Il fatto vero è che il candidato, per usare le parole di Giangi, l’aveva, non esattamente perseguitato, ma ossessionato sì.
Per capire cosa intendesse Giangi immaginate strade, immaginate quartieri e rioni, immaginate la città intera tappezzata da un susseguirsi continuo e ininterrotto di cartelloni inneggianti al candidato; ciascuno traboccante della sua effigie.
Bene, immaginato che avete questo, con un ulteriore impiego di fantasia immaginate ancora che quel candidato, in queste sue fotoriproduzioni in primissimo piano, sorrideva a tutto campo.
Oh, si badi, era un bell’uomo il candidato; e il sorriso che offriva agli elettori faceva proprio un bel vedere. E poi si è già detto prima che Giangi non ce l’aveva affatto con lui: non gli aveva fatto nulla e nemmeno gli era antipatico.
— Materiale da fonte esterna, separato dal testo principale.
(* In the 1-sided False Positive regime, there exists an algorithm that performs $O(m\log m)$ queries on any moldgraph with $m$ edges and finds a realized spanning tree with high probability.
   Context: Problem (graph connectivity with noisy queries): a graph $G=(V,E)$, the moldgraph, with $m$ edges is given. An adversary selects an arbitrary connected spanning subgraph of $G$ to be realized. The algorithm may query an oracle on any edge $e$ (``Is $e$ realized?''), receiving ``Yes''/``No''; each query costs $1$; answers to distinct queries (including repeated queries of the same edge) are independent. Goal: output a spanning tree of $G$ all of whose edges are realized. In the 1-sided False Positive regime: for a realized edge the answer is always ``Yes''; for a non-realized edge the answer is ``Yes'' with a constant probability $p<1/2$ and ``No'' with probability $1-p$. ``With high probability'' means with probability tending to $1$ as $m\to\infty$. *)

From mathcomp Require Import all_boot all_order all_algebra.
Set Implicit Arguments. Unset Strict Implicit. Unset Printing Implicit Defensive.
Import Order.TTheory GRing.Theory Num.Theory.
Local Open Scope ring_scope.

(* A (simple) graph on vertex set 'I_n is given by its edge set: a set of
   2-element vertex sets. *)
Definition edge_set (n : nat) := {set {set 'I_n}}.

Definition simple_graph n (E : edge_set n) : bool :=
  [forall e in E, #|e| == 2%N].

Definition adj n (F : edge_set n) : rel 'I_n := fun x y => [set x; y] \in F.

Definition connectedb n (F : edge_set n) : bool :=
  [forall x, forall y, connect (adj F) x y].

(* (V, F) has no cycle: every edge is a bridge *)
Definition acyclicb n (F : edge_set n) : bool :=
  [forall e in F, forall x in e, forall y in e,
     (x != y) ==> ~~ connect (adj (F :\ e)) x y].

Definition spanning_treeb n (F : edge_set n) : bool :=
  connectedb F && acyclicb F.

Definition good_output n (E Rz T : edge_set n) : bool :=
  [&& T \subset E, T \subset Rz & spanning_treeb T].

Variant action (n : nat) := Query of {set 'I_n} | Output of edge_set n.

Definition history n := seq ({set 'I_n} * bool).

Definition algorithm :=
  forall n : nat, edge_set n -> history n -> action n.

(* Probability that the strategy [f], started from history [h], outputs a
   realized spanning tree using at most [k] further queries, in the
   1-sided false-positive model with parameter p (realized edge: always Yes;
   non-realized edge: Yes w.p. p, No w.p. 1-p; answers independent).
   Exceeding the query budget counts as failure. *)
Fixpoint succ_prob (R : ringType) (p : R) n (E Rz : edge_set n)
    (f : history n -> action n) (k : nat) (h : history n) : R :=
  match f h with
  | Output T => if good_output E Rz T then 1 else 0
  | Query e =>
      match k with
      | 0 => 0
      | k'.+1 =>
          if e \in Rz then succ_prob p E Rz f k' (rcons h (e, true))
          else p * succ_prob p E Rz f k' (rcons h (e, true))
               + (1 - p) * succ_prob p E Rz f k' (rcons h (e, false))
      end
  end.

Definition success_prob (R : ringType) (p : R) (A : algorithm) n
    (E Rz : edge_set n) (k : nat) : R :=
  succ_prob p E Rz (A n E) k [::].

(* Query every edge k = trunc_log 2 m + 1 times and keep the edges that never
   received a No.  Realized edges are always kept, and once every non-realized
   edge has been rejected the kept edges are exactly the realized ones, which
   contain a spanning tree.  A non-realized edge survives its k queries with
   probability p^k, so by the union bound the algorithm fails with probability
   at most m p^k <= (2p)^k, which tends to 0 as m grows because 2p < 1.
   The union bound is run along the query tree through [failure_potential]:
   the sum, over the non-realized edges not yet rejected, of p to the number of
   their remaining queries.  Averaged over the next answer it is unchanged, so
   1 minus it bounds the success probability from below. *)

From mathcomp Require Import all_boot all_order all_algebra.
From mathcomp Require Import ring lra.
Import Order.TTheory GRing.Theory Num.Theory.
Set Implicit Arguments. Unset Strict Implicit.
Local Open Scope ring_scope.

Lemma adj_sym n (F : edge_set n) : symmetric (adj F).
Proof. by move=> x y; rewrite /adj setUC. Qed.

Lemma connect_adj_setD1 n (F : edge_set n) (x y : 'I_n) :
  connect (adj (F :\ [set x; y])) x y ->
  subrel (connect (adj F)) (connect (adj (F :\ [set x; y]))).
Proof.
move=> cxy; apply: connect_sub => a b ab.
have [abxy | abxy] := eqVneq [set a; b] [set x; y]; last first.
  by apply: connect1; rewrite /adj !inE abxy.
have ax : a \in [set x; y] by rewrite -abxy set21.
have bx : b \in [set x; y] by rewrite -abxy set22.
move: ax bx => /set2P[]-> /set2P[]-> //.
by rewrite (sym_connect_sym (@adj_sym n _)).
Qed.

Lemma cycle_edge_of_not_acyclic n (F : edge_set n) :
  simple_graph F -> ~~ acyclicb F ->
  exists x y : 'I_n, [set x; y] \in F /\ connect (adj (F :\ [set x; y])) x y.
Proof.
move=> simF /forall_inPn[e eF /forall_inPn[x xe /forall_inPn[y ye]]].
rewrite negb_imply negbK => /andP[xy cxy].
suff exy : e = [set x; y] by exists x, y; rewrite -exy.
apply/eqP; rewrite eq_sym eqEcard (eqP (forall_inP simF e eF)) cards2 xy.
by rewrite andbT; apply/subsetP => z /set2P[]->.
Qed.

Lemma connectedb_has_spanning_tree n (F : edge_set n) :
  simple_graph F -> connectedb F ->
  exists2 T : edge_set n, T \subset F & spanning_treeb T.
Proof.
elim: {F}#|F| {-2}F (leqnn #|F|) => [|c IH] F leFc simF conF.
  exists F => //; rewrite /spanning_treeb conF /=.
  by move: leFc; rewrite leqn0 => /eqP/cards0_eq->; apply/forall_inP => e; rewrite inE.
have [acF | /(cycle_edge_of_not_acyclic simF)[x [y [xyF cxy]]]] := boolP (acyclicb F).
  by exists F; rewrite /spanning_treeb ?conF.
have subF : F :\ [set x; y] \subset F by exact: subD1set.
have [|||T sT stT] := IH (F :\ [set x; y]).
- by move: leFc; rewrite (cardsD1 [set x; y] F) xyF.
- by apply/forall_inP => e /(subsetP subF); apply: (forall_inP simF).
- apply/forallP => u; apply/forallP => v.
  exact/(connect_adj_setD1 cxy)/(forallP (forallP conF u) v).
by exists T => //; apply: subset_trans sT subF.
Qed.

Definition accepted n (E : edge_set n) (h : history n) : edge_set n :=
  [set e in E | (e, false) \notin h].

Definition spanning_subtree n (F : edge_set n) : edge_set n :=
  odflt set0 [pick T : edge_set n | (T \subset F) && spanning_treeb T].

Definition query_schedule n (E : edge_set n) (s : seq {set 'I_n}) :
    history n -> action n := fun h =>
  if (size h < size s)%N then Query (nth set0 s (size h))
  else Output (spanning_subtree (accepted E h)).

Definition rounds n (k : nat) (E : edge_set n) : seq {set 'I_n} :=
  flatten (nseq k (enum E)).

Definition repeated_query_alg : algorithm :=
  fun n E => query_schedule E (rounds (trunc_log 2 #|E|).+1 E).

Lemma size_rounds n k (E : edge_set n) : size (rounds k E) = (k * #|E|)%N.
Proof. by rewrite size_flatten /shape map_nseq sumn_nseq cardE mulnC. Qed.

Lemma count_mem_rounds n k (E : edge_set n) e :
  count_mem e (rounds k E) = (k * (e \in E))%N.
Proof.
by rewrite count_flatten map_nseq sumn_nseq count_uniq_mem ?enum_uniq // mem_enum mulnC.
Qed.

Section Analysis.
Variables (R : numDomainType) (p : R).
Hypotheses (p_ge0 : 0 <= p) (p_le1 : p <= 1).
Variables (n : nat) (E Rz : edge_set n) (s : seq {set 'I_n}).
Hypotheses (simE : simple_graph E) (RzE : Rz \subset E) (conRz : connectedb Rz).

Definition consistent (h : history n) := forall e, (e, false) \in h -> e \notin Rz.

Lemma consistent_rcons h e b :
  consistent h -> b || (e \notin Rz) -> consistent (rcons h (e, b)).
Proof.
move=> ch eb f; rewrite mem_rcons inE => /orP[/eqP[-> bE] | ]; last exact: ch.
by move: eb; rewrite -bE.
Qed.

Definition failure_potential (h : history n) : R :=
  \sum_(e in E | e \notin Rz)
     (if (e, false) \in h then 0 else p ^+ count_mem e (drop (size h) s)).

Lemma failure_potential_ge0 h : 0 <= failure_potential h.
Proof. by apply: sumr_ge0 => e _; case: ifP => // _; apply: exprn_ge0. Qed.

Lemma good_output_spanning_subtree : good_output E Rz (spanning_subtree Rz).
Proof.
have simRz : simple_graph Rz.
  by apply/forall_inP => e /(subsetP RzE); apply: (forall_inP simE).
have [T0 sT0 stT0] := connectedb_has_spanning_tree simRz conRz.
rewrite /spanning_subtree; case: pickP => [T /andP[sT stT] | noT]; last first.
  by move: (noT T0); rewrite sT0 stT0.
by rewrite /good_output sT stT (subset_trans sT RzE).
Qed.

Lemma accepted_realized h :
  consistent h -> (forall e, e \in E -> e \notin Rz -> (e, false) \in h) ->
  accepted E h = Rz.
Proof.
move=> ch rejE; apply/setP => e; rewrite !inE.
have [eRz | eRz] := boolP (e \in Rz).
  by rewrite (subsetP RzE e eRz); apply/negP => /ch; rewrite eRz.
by case eE: (e \in E); rewrite // rejE.
Qed.

Lemma failure_potential_output h b :
  (size s <= size h)%N -> consistent h ->
  1 - failure_potential h <= succ_prob p E Rz (query_schedule E s) b h.
Proof.
move=> sh ch.
have -> : succ_prob p E Rz (query_schedule E s) b h =
          (if good_output E Rz (spanning_subtree (accepted E h)) then 1 else 0).
  by case: b => [|b]; rewrite /= /query_schedule ltnNge sh.
have [surv | ] := boolP [exists e, [&& e \in E, e \notin Rz & (e, false) \notin h]].
  have [e /and3P[eE eRz eh]] := existsP surv.
  suff fp_ge1 : 1 <= failure_potential h.
    by case: ifP => _; rewrite ?subr_le0 // lerBlDr lerDl failure_potential_ge0.
  rewrite /failure_potential (bigD1 e) ?eE //= (negbTE eh) drop_oversize //= lerDl.
  by apply: sumr_ge0 => f _; case: ifP => // _; apply: exprn_ge0.
move/existsPn => nosurv; rewrite (accepted_realized ch) ?good_output_spanning_subtree.
  by rewrite lerBlDr lerDl failure_potential_ge0.
by move=> e eE eRz; move: (nosurv e); rewrite eE eRz /= negbK.
Qed.

Section Step.
Variable h : history n.
Hypothesis (lt_h_s : (size h < size s)%N).
Let e0 := nth set0 s (size h).

Lemma count_mem_drop_query e :
  count_mem e (drop (size h) s) = ((e0 == e) + count_mem e (drop (size h).+1 s))%N.
Proof. by rewrite (drop_nth set0 lt_h_s). Qed.

Lemma failure_potential_rcons_realized b :
  e0 \in Rz -> failure_potential (rcons h (e0, b)) = failure_potential h.
Proof.
move=> e0Rz; apply: eq_bigr => e /andP[_ eRz].
have e0e : (e0 == e) = false by apply: contraNF eRz => /eqP<-.
by rewrite size_rcons count_mem_drop_query e0e mem_rcons inE xpair_eqE eq_sym e0e.
Qed.

Lemma failure_potential_split :
  failure_potential h =
  p * failure_potential (rcons h (e0, true)) +
  (1 - p) * failure_potential (rcons h (e0, false)).
Proof.
rewrite !mulr_sumr -big_split; apply: eq_bigr => e _ /=.
rewrite !size_rcons count_mem_drop_query !mem_rcons !inE !xpair_eqE !eqxx andbF andbT /=.
rewrite ![_ == e0]eq_sym.
have [<- | _] := eqVneq e0 e; rewrite /= ?add0n ?add1n.
  by case: ifP => _; rewrite ?mulr0 ?addr0 ?exprS.
by case: ifP => _; rewrite ?mulr0 ?addr0 // -mulrDl subrKC mul1r.
Qed.
End Step.

Lemma failure_potential_le_succ_prob h b :
  (size s <= size h + b)%N -> consistent h ->
  1 - failure_potential h <= succ_prob p E Rz (query_schedule E s) b h.
Proof.
elim: b h => [|b IH] h sb ch.
  by rewrite addn0 in sb; exact: failure_potential_output.
have [lt_h_s | le_s_h] := ltnP (size h) (size s); last exact: failure_potential_output.
set e0 := nth set0 s (size h).
have IHq c : consistent (rcons h (e0, c)) ->
    1 - failure_potential (rcons h (e0, c)) <=
    succ_prob p E Rz (query_schedule E s) b (rcons h (e0, c)).
  by apply: IH; rewrite size_rcons addSnnS.
have ct : consistent (rcons h (e0, true)) by exact: consistent_rcons.
rewrite /= {1}/query_schedule lt_h_s; case: ifP => e0Rz.
  by rewrite -(failure_potential_rcons_realized lt_h_s true e0Rz); apply: IHq.
have cf : consistent (rcons h (e0, false)) by apply: consistent_rcons => //=; apply: negbT.
have q_ge0 : 0 <= 1 - p by rewrite subr_ge0.
have IHt := ler_wpM2l p_ge0 (IHq _ ct).
have IHf := ler_wpM2l q_ge0 (IHq _ cf).
have -> : 1 - failure_potential h =
  p * (1 - failure_potential (rcons h (e0, true))) +
  (1 - p) * (1 - failure_potential (rcons h (e0, false))).
  by rewrite (failure_potential_split lt_h_s); ring.
exact: lerD.
Qed.
End Analysis.

Lemma succ_prob_query_schedule (R : numDomainType) (p : R) n (E Rz : edge_set n) s :
  0 <= p <= 1 -> simple_graph E -> Rz \subset E -> connectedb Rz ->
  1 - \sum_(e in E | e \notin Rz) p ^+ count_mem e s <=
  succ_prob p E Rz (query_schedule E s) (size s) [::].
Proof.
move=> /andP[p_ge0 p_le1] simE RzE conRz.
rewrite (_ : \sum_(e in E | e \notin Rz) _ = failure_potential p E Rz s [::]).
  by apply: failure_potential_le_succ_prob => // e; rewrite in_nil.
by apply: eq_bigr => e _; rewrite drop0.
Qed.

Lemma success_prob_repeated_query (R : numDomainType) (p : R) n (E Rz : edge_set n) :
  0 <= p <= 1 -> simple_graph E -> Rz \subset E -> connectedb Rz ->
  1 - (2 * p) ^+ (trunc_log 2 #|E|).+1 <=
  success_prob p repeated_query_alg E Rz (#|E| * (trunc_log 2 #|E|).+1).
Proof.
move=> p01 simE RzE conRz; have [p_ge0 _] := andP p01.
set k := (trunc_log 2 #|E|).+1.
rewrite /success_prob mulnC -size_rounds.
apply: le_trans _ (succ_prob_query_schedule (rounds k E) p01 simE RzE conRz).
rewrite lerD2l lerN2.
have -> : \sum_(e in E | e \notin Rz) p ^+ count_mem e (rounds k E) =
          \sum_(e in E | e \notin Rz) p ^+ k.
  by apply: eq_bigr => e /andP[eE _]; rewrite count_mem_rounds eE muln1.
apply: le_trans (_ : \sum_(e in E) p ^+ k <= _).
  rewrite [X in _ <= X](bigID (fun e => e \notin Rz)) /= lerDl.
  by apply: sumr_ge0 => e _; apply: exprn_ge0.
rewrite sumr_const exprMn mulrC -[p ^+ k *+ _]mulr_natr -natrX.
by apply: ler_wpM2l; [apply: exprn_ge0 | rewrite ler_nat ltnW // trunc_log_ltn].
Qed.

Lemma bernoulli_ineq (R : realDomainType) (a : R) k :
  0 <= a -> 1 + a *+ k <= (1 + a) ^+ k.
Proof.
move=> a_ge0; elim: k => [|k IH]; first by rewrite mulr0n addr0 expr0.
have a2k : 0 <= a * a *+ k by rewrite mulrn_wge0 // mulr_ge0.
rewrite exprS mulrSr; apply: le_trans (ler_wpM2l _ IH); last lra.
rewrite mulrDr mulr1 mulrnAr; lra.
Qed.

Lemma expr_eventually_le (R : archiRealFieldType) (q eps : R) :
  0 <= q < 1 -> 0 < eps -> exists K, forall j, (K <= j)%N -> q ^+ j <= eps.
Proof.
move=> /andP[q_ge0 q_lt1] eps_gt0.
suff [K qK] : exists K, q ^+ K <= eps.
  by exists K => j Kj; apply: le_trans qK; apply: ler_wiXn2l => //; apply: ltW.
have [-> | q_neq0] := eqVneq q 0; first by exists 1%N; rewrite expr1 ltW.
have q_gt0 : 0 < q by rewrite lt_def q_neq0.
set a := q^-1 - 1.
have a_gt0 : 0 < a by rewrite subr_gt0 invf_gt1.
have x_ge0 : 0 <= eps^-1 / a by rewrite ltW // divr_gt0 ?invr_gt0.
exists (Num.bound (eps^-1 / a)).
have bound_a : eps^-1 < a *+ Num.bound (eps^-1 / a).
  by rewrite -mulr_natr -ltr_pdivrMl // mulrC (archi_boundP x_ge0).
have : eps^-1 <= (q^-1) ^+ Num.bound (eps^-1 / a).
  rewrite -[q^-1](subrK 1) addrC; apply: le_trans _ (bernoulli_ineq _ (ltW a_gt0)).
  by apply/ltW/(lt_le_trans bound_a); rewrite lerDr.
by rewrite exprVn lef_pV2 ?posrE ?exprn_gt0 ?invr_gt0.
Qed.

Unset Implicit Arguments.

Theorem lemma7 (R : archiRealFieldType) (p : R) :
  0 <= p -> p < 2^-1 ->
  exists (A : algorithm) (C : nat),
    forall eps : R, 0 < eps ->
    exists M : nat,
      forall (n : nat) (E Rz : edge_set n),
        simple_graph E -> Rz \subset E -> connectedb Rz ->
        (M <= #|E|)%N ->
        1 - eps <= success_prob p A E Rz (C * #|E| * (trunc_log 2 #|E|).+1).
Proof.
move=> p_ge0 p_lt_half.
have p2_lt1 : 2 * p < 1 by rewrite -ltr_pdivlMl // mulr1.
have p01 : 0 <= p <= 1.
  by rewrite p_ge0 ltW // (lt_trans p_lt_half) // invf_lt1 // ltr1n.
have p2_01 : 0 <= 2 * p < 1 by rewrite p2_lt1 mulr_ge0.
exists repeated_query_alg, 1%N => eps eps_gt0.
have [K p2K] := expr_eventually_le p2_01 eps_gt0.
exists (2 ^ K)%N => n E Rz simE RzE conRz KE.
rewrite mul1n; apply: le_trans _ (success_prob_repeated_query p01 simE RzE conRz).
by rewrite lerD2l lerN2 p2K // leqW // trunc_log_max.
Qed.
(* Let $n\ge5$ and let $C=(1,c_2,\dots,c_{n-1},2c_{n-1}-c_2)$ be a system with $n$ coin types, with subsystem $C'=(1,c_2,\dots,c_{n-1})$. Then $C$ is canonical and $C'$ is noncanonical if and only if $C=(1,2,\dots,n-3,c_{n-2},c_{n-2}+1,2c_{n-2})$ and $c_{n-2}>n-2$.
   Context: A system is a tuple $C=(c_1,\dots,c_n)$ of integers with $1=c_1<c_2<\dots<c_n$; for $k\le n$, $(c_1,\dots,c_k)$ is a subsystem. For a positive integer $v$, $\mathrm{opt}_C(v)$ is the minimum of $\sum_i x_i$ over $x\in\mathbb{Z}_{\ge0}^n$ with $\sum_i c_ix_i=v$. The greedy representation of $v$ is produced by: for $i=n$ down to $1$, while $c_i\le$ remaining value, take a coin $c_i$. $\mathrm{grd}_C(v)$ is its number of coins. A positive integer $w$ is a counterexample if $\mathrm{opt}_C(w)<\mathrm{grd}_C(w)$; $C$ is canonical if it has none, noncanonical otherwise. *)

(* Coin systems are represented as sequences of naturals:
   C = [:: c_1; ...; c_n], so c_i = nth 0 C i.-1. *)
From mathcomp Require Import all_boot.
Set Implicit Arguments. Unset Strict Implicit. Unset Printing Implicit Defensive.

Definition is_system (C : seq nat) : bool :=
  (head 0 C == 1) && sorted ltn C.

Definition is_rep (C : seq nat) (v : nat) (x : seq nat) : Prop :=
  size x = size C /\ \sum_(i < size C) nth 0 C i * nth 0 x i = v.

Definition ncoins (x : seq nat) : nat := sumn x.

Definition is_opt (C : seq nat) (v k : nat) : Prop :=
  (exists x, is_rep C v x /\ ncoins x = k) /\
  (forall x, is_rep C v x -> k <= ncoins x).

(* Greedy: process coins from largest to smallest; for coin c, the loop
   "while c <= remaining, take c" takes (rem %/ c) coins, leaving rem %% c. *)
Fixpoint grd_desc (s : seq nat) (v : nat) : nat :=
  match s with
  | [::] => 0
  | c :: s' => v %/ c + grd_desc s' (v %% c)
  end.

Definition grd (C : seq nat) (v : nat) : nat := grd_desc (rev C) v.

Definition counterexample (C : seq nat) (w : nat) : Prop :=
  0 < w /\ exists k, is_opt C w k /\ k < grd C w.

Definition canonical (C : seq nat) : Prop :=
  forall w, ~ counterexample C w.

Definition noncanonical (C : seq nat) : Prop :=
  exists w, counterexample C w.

(* Backward direction: for C = (1, ..., m, b, b+1, 2b) the greedy count of w = 2bq + r is
   q + F(r) for an explicit F, and one checks grd(w) <= grd(w - u) + 1 for every coin u,
   which forces canonicity by induction on the number of coins.  In C' the sum b + b beats
   greedy, which pays b+1 and then b-1 > m, not a coin.
   Forward direction: let w be a minimal counterexample of C' with an optimal
   representation x.  Greedy agrees on C and C' below e = c_n and C is canonical, so
   w >= e.  Minimality shows that x avoids d = c_(n-1) and that w < u + d for every coin u
   used by x; canonicity of C on the two-coin sum u + d then forces u + d = e + 1.  So all
   coins of x equal d - c_2 + 1, and e <= w < (d - c_2 + 1) + d leaves exactly two of
   them, whence c_2 = 2, d = c_(n-2) + 1, e = 2 c_(n-2), and c_(n-2) - 1 is not a coin
   since 2 c_(n-2) beats greedy.  Finally, canonicity of C on v + c_(n-2) shows that the
   coins below c_(n-2) are closed under predecessor, hence are 1, ..., n-3. *)

From mathcomp Require Import all_boot zify.
From Stdlib Require Import Classical.
Set Implicit Arguments. Unset Strict Implicit. Unset Printing Implicit Defensive.

Lemma ex_minimal (P : nat -> Prop) n : P n -> exists m, P m /\ forall k, P k -> m <= k.
Proof.
move=> Pn; apply: NNPP => no_min; elim/ltn_ind: n Pn => n IH Pn; apply: no_min.
by exists n; split=> // k Pk; rewrite leqNgt; apply/negP => /IH; apply.
Qed.

Lemma ncoins_incr x i : i < size x -> ncoins (incr_nth x i) = (ncoins x).+1.
Proof. by elim: x i => [|a x IH] [|i] //= i_lt; rewrite IH // addnS. Qed.

Lemma rep_incr C v x i :
  is_rep C v x -> i < size C -> is_rep C (v + nth 0 C i) (incr_nth x i).
Proof.
move=> [size_x <-] i_lt; split; first by rewrite size_incr_nth size_x i_lt.
under eq_bigr => j _ do rewrite nth_incr_nth mulnDr.
rewrite big_split /= addnC; congr (_ + _).
rewrite (bigD1 (Ordinal i_lt)) //= eqxx muln1 big1 ?addn0 // => j.
by rewrite -val_eqE /= eq_sym => /negbTE->; rewrite muln0.
Qed.

Lemma rep_used_lt C v x i : is_rep C v x -> 0 < nth 0 x i -> i < size C.
Proof.
by move=> [<- _] xi_gt0; rewrite ltnNge; apply: contraTN xi_gt0 => /(nth_default 0)->.
Qed.

Lemma rep_decr C v x i : is_rep C v x -> 0 < nth 0 x i ->
  exists y, [/\ is_rep C (v - nth 0 C i) y, ncoins x = (ncoins y).+1 & nth 0 C i <= v].
Proof.
move=> x_rep xi_gt0; have i_ltC := rep_used_lt x_rep xi_gt0.
case: x_rep => size_x val_x; have i_lt : i < size x by rewrite size_x.
set y := set_nth 0 x i (nth 0 x i).-1.
have size_y : size y = size x by rewrite size_set_nth; apply/maxn_idPr.
have x_eq : x = incr_nth y i.
  apply: (@eq_from_nth _ 0); first by rewrite size_incr_nth size_y i_lt.
  move=> j _; rewrite nth_incr_nth nth_set_nth /=.
  by case: (eqVneq j i) => [->|] //=; rewrite add1n prednK.
pose w := \sum_(j < size C) nth 0 C j * nth 0 y j.
have y_rep : is_rep C w y by split; rewrite ?size_y.
have [_] := rep_incr y_rep i_ltC; rewrite -x_eq val_x => v_eq.
exists y; split; last by lia.
- by rewrite v_eq addnK.
- by rewrite x_eq ncoins_incr ?size_y.
Qed.

Lemma rep_nseq0 C : is_rep C 0 (nseq (size C) 0).
Proof. by split; rewrite ?size_nseq // big1 // => i _; rewrite nth_nseq if_same muln0. Qed.

Lemma rep_rcons C c v x k :
  is_rep C v x -> is_rep (rcons C c) (v + c * k) (rcons x k).
Proof.
move=> [size_x <-]; split; first by rewrite !size_rcons size_x.
rewrite size_rcons big_ord_recr /= !nth_rcons size_x ltnn eqxx.
by congr (_ + _); apply: eq_bigr => j _; rewrite !nth_rcons size_x ltn_ord.
Qed.

Lemma rep_pos C v x : is_rep C v x -> 0 < v -> exists2 i, i < size C & 0 < nth 0 x i.
Proof.
move=> [_ <-]; case: (pickP (fun i : 'I_(size C) => 0 < nth 0 x i)) => [i xi_gt0 _|none].
  by exists i.
by rewrite big1 // => i _; move/negbT: (none i); rewrite -leqNgt leqn0 => /eqP->; rewrite muln0.
Qed.

Lemma rep_const_coin C v x u : is_rep C v x ->
  (forall i, i < size C -> 0 < nth 0 x i -> nth 0 C i = u) -> v = u * ncoins x.
Proof.
move=> [size_x <-] used_u; rewrite /ncoins sumnE (big_nth 0) big_mkord size_x big_distrr.
by apply: eq_bigr => i _ /=; case: (posnP (nth 0 x i)) => [->|/(used_u _ (ltn_ord i))->]; rewrite ?muln0.
Qed.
Ma allora, direte voi, perché lo fece? Si è detto anche questo: a causa dell’ossessione.
Giangi, di mestiere, faceva il tipografo.
Vedo che cominciate a capire, o perlomeno intuire.
Giangi infatti lavorava proprio nella grande tipografia cui erano stati commissionati i cartelloni per la campagna elettorale del candidato. Erano così grandi, questi cartelloni, che venivano stampati in quindici riquadri, che dall’alto verso il basso, in file da tre, così lo ritraevano:
capelli, calvizie, capelli
tempia, fronte, tempia
occhio, naso, occhio
guancia, bocca, guancia
spalla, cravatta, spalla.
Costretto a controllare le rotative, Giangi se le vedeva sfilare davanti al naso tutto il santo giorno queste porzioni anatomiche del candidato: capelli calvizie capelli, tempia fronte tempia, occhio naso occhio… tanto in ordine composto ma spesso, anche, in ordine sparso: guancia occhio naso… cravatta bocca occhio… naso fronte spalla… per cui, dopo, le doveva riunire, accatastare, impacchettare, imballare, riordinare, spostare, caricare, scaricare, trasportare, trasbordare, immagazzinare, ricaricare, riscaricare e ritrasportare per tutto il tempo che gli imponeva il contratto di lavoro; e poi, quando a sera usciva dai capannoni della tipografia, l’immagine del candidato, ricomposta, ora, nella sua magnifica grandezza, seguitava a osservarlo dall’alto dei cartelloni posti lungo i bordi delle strade.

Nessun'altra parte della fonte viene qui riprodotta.